Nach ihrer Entlassung aus dem Arbeitshause setzte Bademinna ihren vagabundierenden Wandel, nicht als Land-, so doch als Stadtstreicherin, fort, ward syphilitisch, infizierte mehrere Männer, und als diese sie deshalb bei der Polizei denunzierten, machte diese ernstliche Jagd und verhaftete sie endlich in einer bekannten Tabagie der Louisenstadt, worin nebenbei ein kleines Privatbordell gehalten ward.

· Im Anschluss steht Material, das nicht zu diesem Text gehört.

(* Let $\delta>0$ and let $g:[\ell,r]\to\mathbb{R}$ be a function with $|g(x)+\frac12x^2|\leq\frac14\delta^2$ for all $x\in[\ell,r]$. Let $x_0\in[\ell+3\delta,r-3\delta]$. Let $h_1$ be the concave majorant of $g$ on $[\ell,r]$ and $h_2$ the concave majorant of $g$ on $[x_0-3\delta,x_0+3\delta]$. Then $h_1(x_0)=h_2(x_0)$.
   Context: The concave majorant of $g$ on an interval $I$ is $h(x_0)=\inf\{ax_0+b: ax+b\geq g(x)\text{ for all }x\in I\}$ for $x_0\in I$. *)

From HB Require Import structures.
From mathcomp Require Import all_boot all_order all_algebra.
From mathcomp Require Import all_classical all_reals.
Set Implicit Arguments. Unset Strict Implicit. Unset Printing Implicit Defensive.
Import Order.TTheory GRing.Theory Num.Theory.
Local Open Scope classical_set_scope.
Local Open Scope ring_scope.

Definition concave_majorant (R : realType) (I : set R) (g : R -> R) (x0 : R) : R :=
  inf [set y : R | exists a b : R,
         (forall x, I x -> g x <= a * x + b) /\ y = a * x0 + b].

(* Write e(x) = a x + b + x^2/2 for the gap between an affine function and
   -x^2/2.  Any affine majorant of g on the window J = [x0 - 3d, x0 + 3d]
   has e >= -d^2/4 on J; if moreover its value at x0 does not exceed that of
   the tangent majorant -x0 x + x0^2/2 + d^2/4, then e(x0) <= d^2/4, so the
   slope of e at x0 is at most d in absolute value and, e being a parabola of
   curvature 1, e >= d^2/4 >= g(x) + x^2/2 outside J.  Such majorants thus
   extend to [l, r], while the remaining ones lie above the tangent majorant,
   which is itself a majorant on [l, r]: the two infima coincide. *)

From HB Require Import structures.
From mathcomp Require Import all_boot all_order all_algebra.
From mathcomp Require Import all_classical all_reals.
From mathcomp Require Import lra.
Set Implicit Arguments. Unset Strict Implicit. Unset Printing Implicit Defensive.
Import Order.TTheory GRing.Theory Num.Theory.
Local Open Scope classical_set_scope.
Local Open Scope ring_scope.

Definition affine_majorant (R : numDomainType) (I : set R) (g : R -> R)
    (a b : R) : Prop :=
  forall x, I x -> g x <= a * x + b.

Lemma affine_majorant_sub (R : numDomainType) (I J : set R) (g : R -> R)
    (a b : R) :
  I `<=` J -> affine_majorant J g a b -> affine_majorant I g a b.
Proof. by move=> IJ gJ x /IJ /gJ. Qed.

Section ConcaveMajorant.
Variables (R : realType) (I : set R) (g : R -> R) (x0 : R).

Lemma concave_majorant_le (a b : R) :
  I x0 -> affine_majorant I g a b -> concave_majorant I g x0 <= a * x0 + b.
Proof.
move=> Ix0 gab; apply: ge_inf; last by exists a, b.
by exists (g x0) => _ [a' [b' [gab' ->]]]; exact: gab'.
Qed.

Lemma concave_majorant_ge (y : R) :
  (exists a b, affine_majorant I g a b) ->
  (forall a b, affine_majorant I g a b -> y <= a * x0 + b) ->
  y <= concave_majorant I g x0.
Proof.
move=> [a [b gab]] ley; apply: lb_le_inf; first by exists (a * x0 + b), a, b.
by move=> _ [a' [b' [gab' ->]]]; exact: ley.
Qed.

End ConcaveMajorant.

Lemma concave_majorant_local (R : realType) (I J : set R) (g : R -> R)
    (x0 a0 b0 : R) :
  I x0 -> I `<=` J -> affine_majorant J g a0 b0 ->
  (forall a b, affine_majorant I g a b -> a * x0 + b <= a0 * x0 + b0 ->
     affine_majorant J g a b) ->
  concave_majorant J g x0 = concave_majorant I g x0.
Proof.
move=> Ix0 IJ gJ0 extend; have Jx0 := IJ x0 Ix0.
apply/le_anti/andP; split.
- apply: concave_majorant_ge => [|a b gab].
    by exists a0, b0; exact: affine_majorant_sub gJ0.
  have [le0|gt0] := leP (a * x0 + b) (a0 * x0 + b0).
    exact/concave_majorant_le/extend.
  exact/(le_trans (concave_majorant_le Jx0 gJ0))/ltW.
- apply: concave_majorant_ge => [|a b gab]; first by exists a0, b0.
  exact/concave_majorant_le/(affine_majorant_sub IJ).
Qed.

Section ParabolaGap.
Variables (R : realFieldType) (d a b x0 : R).
Local Notation e x := (a * x + b + x ^+ 2 / 2).

Lemma parabola_gap_slope :
  0 < d -> e x0 <= d ^+ 2 / 4 -> - (d ^+ 2 / 4) <= e (x0 + d) ->
  - (d ^+ 2 / 4) <= e (x0 - d) -> `|a + x0| <= d.
Proof.
move=> d_gt0 ex0 ex0p ex0m.
have lo : - d * d <= (a + x0) * d by nra.
have hi : (a + x0) * d <= d * d by nra.
by rewrite ler_norml -(ler_pM2r d_gt0) lo -(ler_pM2r d_gt0) hi.
Qed.

Lemma parabola_gap_far :
  0 < d -> - (d ^+ 2 / 4) <= e x0 -> `|a + x0| <= d ->
  forall x, 3 * d <= `|x - x0| -> d ^+ 2 / 4 <= e x.
Proof.
rewrite ler_norml => d_gt0 ex0 /andP[slo shi] x.
by case: (ger0P (x - x0)) => _ far; nra.
Qed.

End ParabolaGap.

Section QuadraticPerturbation.
Variables (R : realFieldType) (delta l r x0 : R) (g : R -> R).
Local Notation window := `[x0 - 3 * delta, x0 + 3 * delta]%classic.
Local Notation g_near :=
  (forall x, l <= x <= r -> `|g x + x ^+ 2 / 2| <= delta ^+ 2 / 4).

Lemma window_center : 0 < delta -> window x0.
Proof. by move=> ?; rewrite /= in_itv /=; apply/andP; split; lra. Qed.

Lemma window_sub : l + 3 * delta <= x0 <= r - 3 * delta -> window `<=` `[l, r].
Proof.
move=> /andP[? ?] x; rewrite /= !in_itv /= => /andP[? ?].
by apply/andP; split; lra.
Qed.

Lemma tangent_majorant :
  g_near -> affine_majorant `[l, r] g (- x0) (x0 ^+ 2 / 2 + delta ^+ 2 / 4).
Proof.
move=> near x /=; rewrite in_itv /= => /near; rewrite ler_norml => /andP[_ ub].
by have := sqr_ge0 (x - x0); nra.
Qed.

Lemma window_majorant_extends (a b : R) :
  0 < delta -> g_near -> l + 3 * delta <= x0 <= r - 3 * delta ->
  affine_majorant window g a b ->
  a * x0 + b <= - x0 * x0 + (x0 ^+ 2 / 2 + delta ^+ 2 / 4) ->
  affine_majorant `[l, r] g a b.
Proof.
move=> delta_gt0 near x0_inner gab below.
have gap_lb t : window t -> - (delta ^+ 2 / 4) <= a * t + b + t ^+ 2 / 2.
  move=> Jt; have /= := window_sub x0_inner Jt; rewrite in_itv /= => /near.
  by rewrite ler_norml => /andP[lb _]; have := gab t Jt; lra.
have inJ t : x0 - 3 * delta <= t <= x0 + 3 * delta -> window t.
  by rewrite /= in_itv.
have gap_x0 := gap_lb x0 (window_center delta_gt0).
have gap_x0_ub : a * x0 + b + x0 ^+ 2 / 2 <= delta ^+ 2 / 4.
  by move: below; rewrite mulNr -expr2; lra.
have slope : `|a + x0| <= delta.
  apply: (parabola_gap_slope (b := b)) => //;
  by apply: gap_lb; apply: inJ; apply/andP; split; lra.
move=> x lrx.
have [Jx|notJx] := boolP (x \in `[x0 - 3 * delta, x0 + 3 * delta]).
  exact: gab.
have far : 3 * delta <= `|x - x0|.
  move: notJx; rewrite in_itv /= negb_and -!ltNge ler_normr.
  by case/orP=> ?; apply/orP; [right|left]; lra.
have := parabola_gap_far delta_gt0 gap_x0 slope far.
by move: lrx => /= /[!in_itv] /near; rewrite ler_norml => /andP[_ ?]; lra.
Qed.

End QuadraticPerturbation.

Theorem mainTheorem15 (R : realType) (delta l r : R) (g : R -> R) (x0 : R) :
  0 < delta ->
  (forall x, l <= x <= r -> `|g x + x ^+ 2 / 2| <= delta ^+ 2 / 4) ->
  l + 3 * delta <= x0 <= r - 3 * delta ->
  concave_majorant `[l, r] g x0 =
  concave_majorant `[x0 - 3 * delta, x0 + 3 * delta] g x0.
Proof.
move=> delta_gt0 g_near x0_inner.
apply: (concave_majorant_local (a0 := - x0)
          (b0 := x0 ^+ 2 / 2 + delta ^+ 2 / 4)).
- exact: window_center.
- exact: window_sub.
- exact: tangent_majorant.
- by move=> a b; exact: window_majorant_extends.
Qed.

Jetzt kam sie auf sechs Monate nach dem Arbeitshause und war nach ihrer im vorjährigen strengen Winter erfolgten Freilassung in der ersten Zeit so von Kleidungsstücken entblößt, dass sie in der grimmigen Nachtluft im dünnen weißen Kleide, ohne Mantel, ohne Kopfbedeckung, ja ohne ein wärmendes Tuch die F......sche Tanzhalle betrat, um dort Männer zu angeln und sich durch Preisgebung ihres Körpers kümmerlich zu nähren. Sie trank Abends Champagner, und hatte früh oder Mittags vielleicht nicht ein Stück Brot gehabt. So berühren sich im Leben der Prostituierten verschwenderischer Überfluss und der drückendste Mangel! Später fand sie einen etwas beständigen Liebhaber, der sie schicklich einkleidete. Gegenwärtig soll sie wieder fleißig die Badeanstalten besuchen, deren heutige Diener das Schicksal ihrer Vorgänger vergessen zu haben scheinen. —

Man darf sie nicht verwechseln mit einer andern, ebenfalls der Prostitution in jenen Bädern ergebenen Dirne, der sog. Badeguste, einem Frauenzimmer, die als Kind auf dem Köpenicker Felde gefunden und von einem Sporenmacher erzogen ward, weshalb sie auch die „Sporenmacherguste“ genannt wird. Auch diese ist keine unansehnliche Dirne und war, wie die schöne Male und die Feldlotte, früher eine in und um die Kasernen am Hallischen Tore sehr gern gesehene Dirne. Die Badeguste, obschon weniger persönlich unordentlich, und wirtschaftlicher als die Bademinna, steht jedoch auch mit Dieben in Verbindung und ist namentlich in der neuesten Zeit vielfach solchen Umganges angeschuldigt worden, ohne dass man jedoch ihr bisher eine nach den Kriminalgesetzen strafbare Handlung nachzuweisen im Stande gewesen ist.